» What this task involves: Look through the data below for the line with "Lemma shell_psi_bdry k" and the line with "1 <= p -> p < q -> q <= k.+2", then output those two and all lines in between, exactly as written.

====== Provided records

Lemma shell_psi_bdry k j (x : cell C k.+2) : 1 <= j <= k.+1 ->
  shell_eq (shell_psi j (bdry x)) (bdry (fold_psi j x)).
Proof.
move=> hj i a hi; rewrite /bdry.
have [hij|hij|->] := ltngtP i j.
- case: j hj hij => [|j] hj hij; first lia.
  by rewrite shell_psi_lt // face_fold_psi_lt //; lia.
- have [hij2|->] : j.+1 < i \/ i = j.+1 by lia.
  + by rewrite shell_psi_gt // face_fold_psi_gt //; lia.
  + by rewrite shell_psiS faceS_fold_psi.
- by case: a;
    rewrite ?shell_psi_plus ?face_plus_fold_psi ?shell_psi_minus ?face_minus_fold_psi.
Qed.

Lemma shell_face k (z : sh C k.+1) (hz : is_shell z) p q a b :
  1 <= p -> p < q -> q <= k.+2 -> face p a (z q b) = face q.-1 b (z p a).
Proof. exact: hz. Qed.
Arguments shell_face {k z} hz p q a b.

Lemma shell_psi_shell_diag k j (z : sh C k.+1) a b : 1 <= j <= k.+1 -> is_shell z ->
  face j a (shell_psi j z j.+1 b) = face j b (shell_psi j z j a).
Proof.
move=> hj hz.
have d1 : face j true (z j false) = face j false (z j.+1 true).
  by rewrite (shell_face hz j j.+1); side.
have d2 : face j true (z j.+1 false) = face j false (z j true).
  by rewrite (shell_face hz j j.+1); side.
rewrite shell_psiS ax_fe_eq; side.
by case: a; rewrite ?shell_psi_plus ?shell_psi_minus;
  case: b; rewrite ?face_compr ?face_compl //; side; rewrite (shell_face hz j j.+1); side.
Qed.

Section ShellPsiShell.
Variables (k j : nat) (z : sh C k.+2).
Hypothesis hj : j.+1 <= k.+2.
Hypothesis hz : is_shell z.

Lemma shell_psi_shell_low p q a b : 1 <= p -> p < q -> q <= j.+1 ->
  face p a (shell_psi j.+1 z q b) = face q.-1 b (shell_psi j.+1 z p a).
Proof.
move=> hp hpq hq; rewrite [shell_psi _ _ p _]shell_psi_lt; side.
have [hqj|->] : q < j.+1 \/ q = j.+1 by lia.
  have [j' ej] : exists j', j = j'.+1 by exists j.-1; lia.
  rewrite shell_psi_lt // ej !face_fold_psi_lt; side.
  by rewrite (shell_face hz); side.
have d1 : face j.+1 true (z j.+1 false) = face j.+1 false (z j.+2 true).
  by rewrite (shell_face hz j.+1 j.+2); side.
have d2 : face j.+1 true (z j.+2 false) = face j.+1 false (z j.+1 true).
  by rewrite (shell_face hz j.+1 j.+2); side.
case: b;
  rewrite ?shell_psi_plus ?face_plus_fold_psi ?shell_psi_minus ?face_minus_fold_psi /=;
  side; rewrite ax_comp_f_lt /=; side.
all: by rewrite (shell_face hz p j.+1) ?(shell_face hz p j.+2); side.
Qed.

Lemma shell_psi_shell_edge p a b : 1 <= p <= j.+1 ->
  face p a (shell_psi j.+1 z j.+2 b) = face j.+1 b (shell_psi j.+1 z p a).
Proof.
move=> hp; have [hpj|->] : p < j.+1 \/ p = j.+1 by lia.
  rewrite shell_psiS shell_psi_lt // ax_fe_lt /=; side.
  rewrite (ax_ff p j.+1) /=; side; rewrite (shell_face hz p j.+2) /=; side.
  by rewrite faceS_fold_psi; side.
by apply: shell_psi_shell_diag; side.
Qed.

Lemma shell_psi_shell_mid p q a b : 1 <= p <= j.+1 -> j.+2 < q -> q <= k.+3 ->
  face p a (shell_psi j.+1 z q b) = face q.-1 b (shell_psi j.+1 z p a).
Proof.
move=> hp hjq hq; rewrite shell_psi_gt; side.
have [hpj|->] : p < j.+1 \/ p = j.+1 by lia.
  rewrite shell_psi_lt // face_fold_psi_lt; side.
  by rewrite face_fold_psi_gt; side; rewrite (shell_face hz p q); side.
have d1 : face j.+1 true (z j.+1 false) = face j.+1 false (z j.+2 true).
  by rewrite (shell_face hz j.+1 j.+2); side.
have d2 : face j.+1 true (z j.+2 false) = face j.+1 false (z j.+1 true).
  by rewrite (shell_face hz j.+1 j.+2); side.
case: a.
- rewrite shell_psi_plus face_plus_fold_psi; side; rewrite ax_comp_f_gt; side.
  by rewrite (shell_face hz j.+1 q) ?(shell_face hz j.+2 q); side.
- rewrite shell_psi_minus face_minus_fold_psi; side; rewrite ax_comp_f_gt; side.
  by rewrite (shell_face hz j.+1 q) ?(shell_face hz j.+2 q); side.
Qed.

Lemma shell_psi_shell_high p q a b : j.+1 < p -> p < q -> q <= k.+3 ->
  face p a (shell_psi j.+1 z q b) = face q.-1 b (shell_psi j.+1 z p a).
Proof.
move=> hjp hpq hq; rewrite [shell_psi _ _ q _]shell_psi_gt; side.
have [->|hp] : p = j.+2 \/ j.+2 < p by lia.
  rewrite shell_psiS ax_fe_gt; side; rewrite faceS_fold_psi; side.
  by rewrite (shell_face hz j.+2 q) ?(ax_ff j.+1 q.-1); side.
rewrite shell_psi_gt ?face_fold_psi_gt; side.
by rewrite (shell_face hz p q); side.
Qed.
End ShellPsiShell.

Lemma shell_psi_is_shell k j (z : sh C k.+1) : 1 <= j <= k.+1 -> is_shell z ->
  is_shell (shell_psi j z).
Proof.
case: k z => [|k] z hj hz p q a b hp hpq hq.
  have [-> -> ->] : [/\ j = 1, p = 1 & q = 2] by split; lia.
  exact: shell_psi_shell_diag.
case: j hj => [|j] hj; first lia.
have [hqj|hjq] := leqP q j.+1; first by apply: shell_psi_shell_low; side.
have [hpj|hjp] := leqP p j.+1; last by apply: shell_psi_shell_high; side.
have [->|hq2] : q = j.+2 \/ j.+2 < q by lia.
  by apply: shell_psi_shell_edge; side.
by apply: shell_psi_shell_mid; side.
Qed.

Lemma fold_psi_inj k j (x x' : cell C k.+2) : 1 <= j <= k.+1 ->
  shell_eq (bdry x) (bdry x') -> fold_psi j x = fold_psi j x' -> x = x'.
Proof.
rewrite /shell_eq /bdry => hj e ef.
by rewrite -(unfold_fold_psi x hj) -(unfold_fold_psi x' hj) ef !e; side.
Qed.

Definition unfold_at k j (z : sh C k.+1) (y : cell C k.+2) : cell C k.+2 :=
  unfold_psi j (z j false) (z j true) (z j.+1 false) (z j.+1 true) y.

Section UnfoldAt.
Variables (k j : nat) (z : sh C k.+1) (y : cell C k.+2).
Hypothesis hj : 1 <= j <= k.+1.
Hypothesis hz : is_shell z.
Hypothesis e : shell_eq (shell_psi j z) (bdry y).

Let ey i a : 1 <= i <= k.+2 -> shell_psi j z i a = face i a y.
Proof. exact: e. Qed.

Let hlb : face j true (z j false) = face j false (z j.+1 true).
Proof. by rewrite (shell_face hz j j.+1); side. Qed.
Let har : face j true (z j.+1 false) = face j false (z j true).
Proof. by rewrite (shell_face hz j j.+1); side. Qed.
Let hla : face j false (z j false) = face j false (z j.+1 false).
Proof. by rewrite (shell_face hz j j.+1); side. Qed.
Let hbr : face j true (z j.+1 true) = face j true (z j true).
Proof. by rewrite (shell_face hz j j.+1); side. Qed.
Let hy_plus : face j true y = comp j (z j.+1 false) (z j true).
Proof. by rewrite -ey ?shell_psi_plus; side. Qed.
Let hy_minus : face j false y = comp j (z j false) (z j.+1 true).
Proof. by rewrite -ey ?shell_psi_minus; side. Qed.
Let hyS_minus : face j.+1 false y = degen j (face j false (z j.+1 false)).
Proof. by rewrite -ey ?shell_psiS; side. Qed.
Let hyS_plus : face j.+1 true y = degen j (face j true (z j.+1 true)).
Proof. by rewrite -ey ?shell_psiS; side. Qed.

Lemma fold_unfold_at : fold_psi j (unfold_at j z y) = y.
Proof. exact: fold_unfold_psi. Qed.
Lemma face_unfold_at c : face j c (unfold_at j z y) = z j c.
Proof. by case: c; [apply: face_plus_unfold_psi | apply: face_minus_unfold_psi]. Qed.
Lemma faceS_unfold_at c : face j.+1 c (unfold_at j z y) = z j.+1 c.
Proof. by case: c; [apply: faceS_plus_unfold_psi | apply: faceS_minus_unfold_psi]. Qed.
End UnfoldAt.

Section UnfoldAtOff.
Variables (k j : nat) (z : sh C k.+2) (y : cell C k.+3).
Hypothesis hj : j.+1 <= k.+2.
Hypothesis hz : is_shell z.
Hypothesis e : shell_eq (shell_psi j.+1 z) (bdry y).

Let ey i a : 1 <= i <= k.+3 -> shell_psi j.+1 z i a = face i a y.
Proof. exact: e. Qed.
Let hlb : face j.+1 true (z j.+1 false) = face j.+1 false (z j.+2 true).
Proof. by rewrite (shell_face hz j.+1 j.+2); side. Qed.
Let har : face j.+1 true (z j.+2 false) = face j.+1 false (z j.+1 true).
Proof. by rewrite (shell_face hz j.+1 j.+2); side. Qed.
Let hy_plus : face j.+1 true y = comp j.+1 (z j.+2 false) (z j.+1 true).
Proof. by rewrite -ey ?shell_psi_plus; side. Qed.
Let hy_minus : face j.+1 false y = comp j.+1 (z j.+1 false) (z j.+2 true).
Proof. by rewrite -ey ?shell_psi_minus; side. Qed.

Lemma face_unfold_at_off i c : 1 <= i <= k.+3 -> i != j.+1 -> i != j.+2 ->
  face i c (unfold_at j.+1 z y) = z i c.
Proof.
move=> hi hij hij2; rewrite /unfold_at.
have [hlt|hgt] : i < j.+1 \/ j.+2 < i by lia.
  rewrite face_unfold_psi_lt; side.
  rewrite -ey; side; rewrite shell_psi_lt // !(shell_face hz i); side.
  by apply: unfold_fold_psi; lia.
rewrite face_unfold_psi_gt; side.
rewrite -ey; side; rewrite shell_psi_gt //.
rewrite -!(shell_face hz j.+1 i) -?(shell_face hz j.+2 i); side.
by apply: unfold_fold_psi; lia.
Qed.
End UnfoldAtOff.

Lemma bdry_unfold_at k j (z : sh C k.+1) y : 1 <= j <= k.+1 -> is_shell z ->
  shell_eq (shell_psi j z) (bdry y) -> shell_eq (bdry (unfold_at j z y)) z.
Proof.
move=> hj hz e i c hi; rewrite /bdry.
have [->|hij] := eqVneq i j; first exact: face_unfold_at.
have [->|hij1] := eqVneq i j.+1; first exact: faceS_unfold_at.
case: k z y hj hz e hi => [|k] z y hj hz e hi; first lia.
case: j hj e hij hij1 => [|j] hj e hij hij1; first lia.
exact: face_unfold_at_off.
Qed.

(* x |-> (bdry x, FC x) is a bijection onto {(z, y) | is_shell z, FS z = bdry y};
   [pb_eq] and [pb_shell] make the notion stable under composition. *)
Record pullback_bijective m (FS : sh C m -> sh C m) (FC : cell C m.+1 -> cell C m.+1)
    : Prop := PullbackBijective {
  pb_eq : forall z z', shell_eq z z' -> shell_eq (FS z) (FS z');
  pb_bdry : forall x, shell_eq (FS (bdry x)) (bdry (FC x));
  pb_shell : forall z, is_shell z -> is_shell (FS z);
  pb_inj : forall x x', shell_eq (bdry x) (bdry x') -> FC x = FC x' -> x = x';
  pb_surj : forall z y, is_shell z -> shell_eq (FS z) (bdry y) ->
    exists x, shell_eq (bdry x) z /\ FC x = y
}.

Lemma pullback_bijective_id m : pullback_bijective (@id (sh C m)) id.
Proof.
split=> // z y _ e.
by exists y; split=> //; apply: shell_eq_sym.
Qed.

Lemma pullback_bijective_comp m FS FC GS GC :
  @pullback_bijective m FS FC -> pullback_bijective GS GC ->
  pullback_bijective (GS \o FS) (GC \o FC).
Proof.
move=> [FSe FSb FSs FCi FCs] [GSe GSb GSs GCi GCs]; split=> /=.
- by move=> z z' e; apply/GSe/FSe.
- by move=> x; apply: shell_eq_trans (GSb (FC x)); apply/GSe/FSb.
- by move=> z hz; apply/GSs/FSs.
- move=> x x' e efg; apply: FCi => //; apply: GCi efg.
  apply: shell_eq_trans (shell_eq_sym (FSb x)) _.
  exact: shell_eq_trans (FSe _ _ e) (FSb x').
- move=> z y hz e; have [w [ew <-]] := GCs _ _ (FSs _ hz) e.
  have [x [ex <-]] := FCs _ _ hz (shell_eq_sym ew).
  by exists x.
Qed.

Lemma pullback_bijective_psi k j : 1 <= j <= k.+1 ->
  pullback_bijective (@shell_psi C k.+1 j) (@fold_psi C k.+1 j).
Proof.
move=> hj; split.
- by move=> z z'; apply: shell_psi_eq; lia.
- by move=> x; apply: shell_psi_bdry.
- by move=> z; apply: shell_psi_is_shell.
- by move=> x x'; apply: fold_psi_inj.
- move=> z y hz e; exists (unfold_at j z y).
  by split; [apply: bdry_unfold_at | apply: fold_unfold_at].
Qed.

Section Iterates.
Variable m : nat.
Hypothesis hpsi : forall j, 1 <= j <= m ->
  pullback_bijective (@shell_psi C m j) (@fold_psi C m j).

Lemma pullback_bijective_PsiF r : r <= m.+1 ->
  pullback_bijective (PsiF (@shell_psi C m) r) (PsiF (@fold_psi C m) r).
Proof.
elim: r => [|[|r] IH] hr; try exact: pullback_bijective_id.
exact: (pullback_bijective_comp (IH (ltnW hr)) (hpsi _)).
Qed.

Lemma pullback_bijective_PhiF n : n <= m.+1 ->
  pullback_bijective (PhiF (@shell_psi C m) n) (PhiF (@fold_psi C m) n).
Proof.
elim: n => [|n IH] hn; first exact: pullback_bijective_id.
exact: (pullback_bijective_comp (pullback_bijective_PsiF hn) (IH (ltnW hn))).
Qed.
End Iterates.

============
====== Provided records

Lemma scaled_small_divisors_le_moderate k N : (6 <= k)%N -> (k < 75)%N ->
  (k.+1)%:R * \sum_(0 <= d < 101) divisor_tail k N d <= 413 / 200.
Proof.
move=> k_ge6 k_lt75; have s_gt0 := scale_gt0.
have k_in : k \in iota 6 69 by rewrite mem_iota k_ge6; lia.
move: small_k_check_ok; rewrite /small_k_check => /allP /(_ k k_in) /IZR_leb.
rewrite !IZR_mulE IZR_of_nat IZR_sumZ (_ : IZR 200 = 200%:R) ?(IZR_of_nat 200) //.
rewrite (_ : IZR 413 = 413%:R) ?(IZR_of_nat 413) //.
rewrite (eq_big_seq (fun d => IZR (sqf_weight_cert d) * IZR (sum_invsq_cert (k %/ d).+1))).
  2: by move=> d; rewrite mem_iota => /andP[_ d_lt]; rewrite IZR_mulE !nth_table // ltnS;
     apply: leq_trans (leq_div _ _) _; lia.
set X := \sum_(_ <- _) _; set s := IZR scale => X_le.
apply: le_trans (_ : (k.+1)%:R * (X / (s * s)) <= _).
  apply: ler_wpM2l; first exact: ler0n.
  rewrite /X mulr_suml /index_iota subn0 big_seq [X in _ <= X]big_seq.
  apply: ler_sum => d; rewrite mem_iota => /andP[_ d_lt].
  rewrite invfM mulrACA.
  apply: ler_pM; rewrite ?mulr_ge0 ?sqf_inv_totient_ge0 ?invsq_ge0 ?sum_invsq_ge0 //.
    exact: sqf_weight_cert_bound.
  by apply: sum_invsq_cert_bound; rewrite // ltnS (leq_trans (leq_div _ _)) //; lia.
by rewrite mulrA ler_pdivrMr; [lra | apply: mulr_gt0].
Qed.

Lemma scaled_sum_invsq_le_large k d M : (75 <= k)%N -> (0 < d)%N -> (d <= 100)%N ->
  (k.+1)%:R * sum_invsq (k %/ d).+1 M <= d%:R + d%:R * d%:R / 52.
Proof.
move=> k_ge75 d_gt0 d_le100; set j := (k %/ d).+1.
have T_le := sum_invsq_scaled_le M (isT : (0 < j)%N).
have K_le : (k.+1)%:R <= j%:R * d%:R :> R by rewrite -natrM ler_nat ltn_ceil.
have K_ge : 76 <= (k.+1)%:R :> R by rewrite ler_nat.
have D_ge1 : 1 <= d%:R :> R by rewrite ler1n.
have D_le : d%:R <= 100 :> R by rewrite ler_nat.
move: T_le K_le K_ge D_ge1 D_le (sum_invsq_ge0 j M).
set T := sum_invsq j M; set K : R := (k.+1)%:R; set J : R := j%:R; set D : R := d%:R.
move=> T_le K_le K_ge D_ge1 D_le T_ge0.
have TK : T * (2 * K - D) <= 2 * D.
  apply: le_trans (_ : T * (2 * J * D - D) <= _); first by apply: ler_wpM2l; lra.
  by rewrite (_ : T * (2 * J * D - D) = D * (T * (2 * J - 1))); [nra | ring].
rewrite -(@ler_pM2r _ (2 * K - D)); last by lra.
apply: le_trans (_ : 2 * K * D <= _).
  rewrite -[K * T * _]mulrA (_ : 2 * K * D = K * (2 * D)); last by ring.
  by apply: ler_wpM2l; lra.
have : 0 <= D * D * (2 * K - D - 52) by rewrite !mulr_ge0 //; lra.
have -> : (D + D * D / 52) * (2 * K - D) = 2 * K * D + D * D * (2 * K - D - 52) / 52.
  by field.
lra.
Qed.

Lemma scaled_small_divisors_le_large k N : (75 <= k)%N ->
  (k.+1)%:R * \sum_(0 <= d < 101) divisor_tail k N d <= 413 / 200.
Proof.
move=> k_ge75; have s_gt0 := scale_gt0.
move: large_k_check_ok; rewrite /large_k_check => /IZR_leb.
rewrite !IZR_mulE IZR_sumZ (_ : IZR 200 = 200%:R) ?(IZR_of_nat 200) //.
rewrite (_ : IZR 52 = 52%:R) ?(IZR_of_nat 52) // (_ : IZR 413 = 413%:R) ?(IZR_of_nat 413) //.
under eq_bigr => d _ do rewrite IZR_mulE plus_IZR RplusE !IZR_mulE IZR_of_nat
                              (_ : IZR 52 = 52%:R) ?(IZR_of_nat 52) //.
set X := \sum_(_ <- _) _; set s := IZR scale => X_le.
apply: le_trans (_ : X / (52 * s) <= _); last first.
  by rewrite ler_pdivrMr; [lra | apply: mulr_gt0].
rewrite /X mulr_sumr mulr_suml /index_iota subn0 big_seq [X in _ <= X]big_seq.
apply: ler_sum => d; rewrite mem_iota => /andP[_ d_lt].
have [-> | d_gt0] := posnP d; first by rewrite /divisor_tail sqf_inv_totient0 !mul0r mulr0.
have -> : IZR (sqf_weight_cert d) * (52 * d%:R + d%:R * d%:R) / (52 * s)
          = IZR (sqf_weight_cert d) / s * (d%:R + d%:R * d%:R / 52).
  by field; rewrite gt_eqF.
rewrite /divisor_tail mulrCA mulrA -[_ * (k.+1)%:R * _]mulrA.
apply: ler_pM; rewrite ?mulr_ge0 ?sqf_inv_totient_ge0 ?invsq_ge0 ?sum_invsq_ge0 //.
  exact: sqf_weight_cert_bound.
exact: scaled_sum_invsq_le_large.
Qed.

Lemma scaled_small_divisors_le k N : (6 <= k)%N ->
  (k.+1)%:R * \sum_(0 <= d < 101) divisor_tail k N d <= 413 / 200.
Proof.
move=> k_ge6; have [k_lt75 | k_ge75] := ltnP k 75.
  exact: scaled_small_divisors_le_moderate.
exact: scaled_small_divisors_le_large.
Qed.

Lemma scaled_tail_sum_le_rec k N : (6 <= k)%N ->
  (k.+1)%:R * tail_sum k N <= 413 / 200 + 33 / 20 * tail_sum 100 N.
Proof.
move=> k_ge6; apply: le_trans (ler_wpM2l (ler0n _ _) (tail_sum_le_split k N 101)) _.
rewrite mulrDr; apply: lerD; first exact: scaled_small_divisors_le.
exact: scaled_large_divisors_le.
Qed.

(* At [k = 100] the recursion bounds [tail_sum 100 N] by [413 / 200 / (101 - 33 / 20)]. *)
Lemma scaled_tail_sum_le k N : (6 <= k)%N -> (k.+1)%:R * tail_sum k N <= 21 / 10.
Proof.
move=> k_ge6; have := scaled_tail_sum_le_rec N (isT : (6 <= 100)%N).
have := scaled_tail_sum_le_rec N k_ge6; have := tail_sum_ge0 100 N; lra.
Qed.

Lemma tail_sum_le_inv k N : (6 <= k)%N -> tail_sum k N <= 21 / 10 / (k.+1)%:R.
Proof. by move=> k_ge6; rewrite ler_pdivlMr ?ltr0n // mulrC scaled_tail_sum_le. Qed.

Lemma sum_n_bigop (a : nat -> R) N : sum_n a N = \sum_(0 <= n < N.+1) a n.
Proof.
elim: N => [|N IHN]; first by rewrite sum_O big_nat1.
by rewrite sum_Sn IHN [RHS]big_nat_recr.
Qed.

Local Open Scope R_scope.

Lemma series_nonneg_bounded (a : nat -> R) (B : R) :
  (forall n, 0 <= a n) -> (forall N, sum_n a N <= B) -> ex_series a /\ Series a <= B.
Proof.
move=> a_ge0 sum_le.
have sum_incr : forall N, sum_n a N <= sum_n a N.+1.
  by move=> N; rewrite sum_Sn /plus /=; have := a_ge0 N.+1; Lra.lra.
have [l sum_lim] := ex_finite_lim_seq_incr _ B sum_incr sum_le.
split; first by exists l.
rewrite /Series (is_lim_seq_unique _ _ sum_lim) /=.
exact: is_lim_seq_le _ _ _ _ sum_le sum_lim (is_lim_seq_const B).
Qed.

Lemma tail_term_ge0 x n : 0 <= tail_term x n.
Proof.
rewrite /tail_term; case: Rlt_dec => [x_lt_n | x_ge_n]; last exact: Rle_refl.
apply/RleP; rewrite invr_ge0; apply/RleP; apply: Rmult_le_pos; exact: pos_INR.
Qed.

============

» Output of the task:
Lemma shell_psi_bdry k j (x : cell C k.+2) : 1 <= j <= k.+1 ->
  shell_eq (shell_psi j (bdry x)) (bdry (fold_psi j x)).
Proof.
move=> hj i a hi; rewrite /bdry.
have [hij|hij|->] := ltngtP i j.
- case: j hj hij => [|j] hj hij; first lia.
  by rewrite shell_psi_lt // face_fold_psi_lt //; lia.
- have [hij2|->] : j.+1 < i \/ i = j.+1 by lia.
  + by rewrite shell_psi_gt // face_fold_psi_gt //; lia.
  + by rewrite shell_psiS faceS_fold_psi.
- by case: a;
    rewrite ?shell_psi_plus ?face_plus_fold_psi ?shell_psi_minus ?face_minus_fold_psi.
Qed.

Lemma shell_face k (z : sh C k.+1) (hz : is_shell z) p q a b :
  1 <= p -> p < q -> q <= k.+2 -> face p a (z q b) = face q.-1 b (z p a).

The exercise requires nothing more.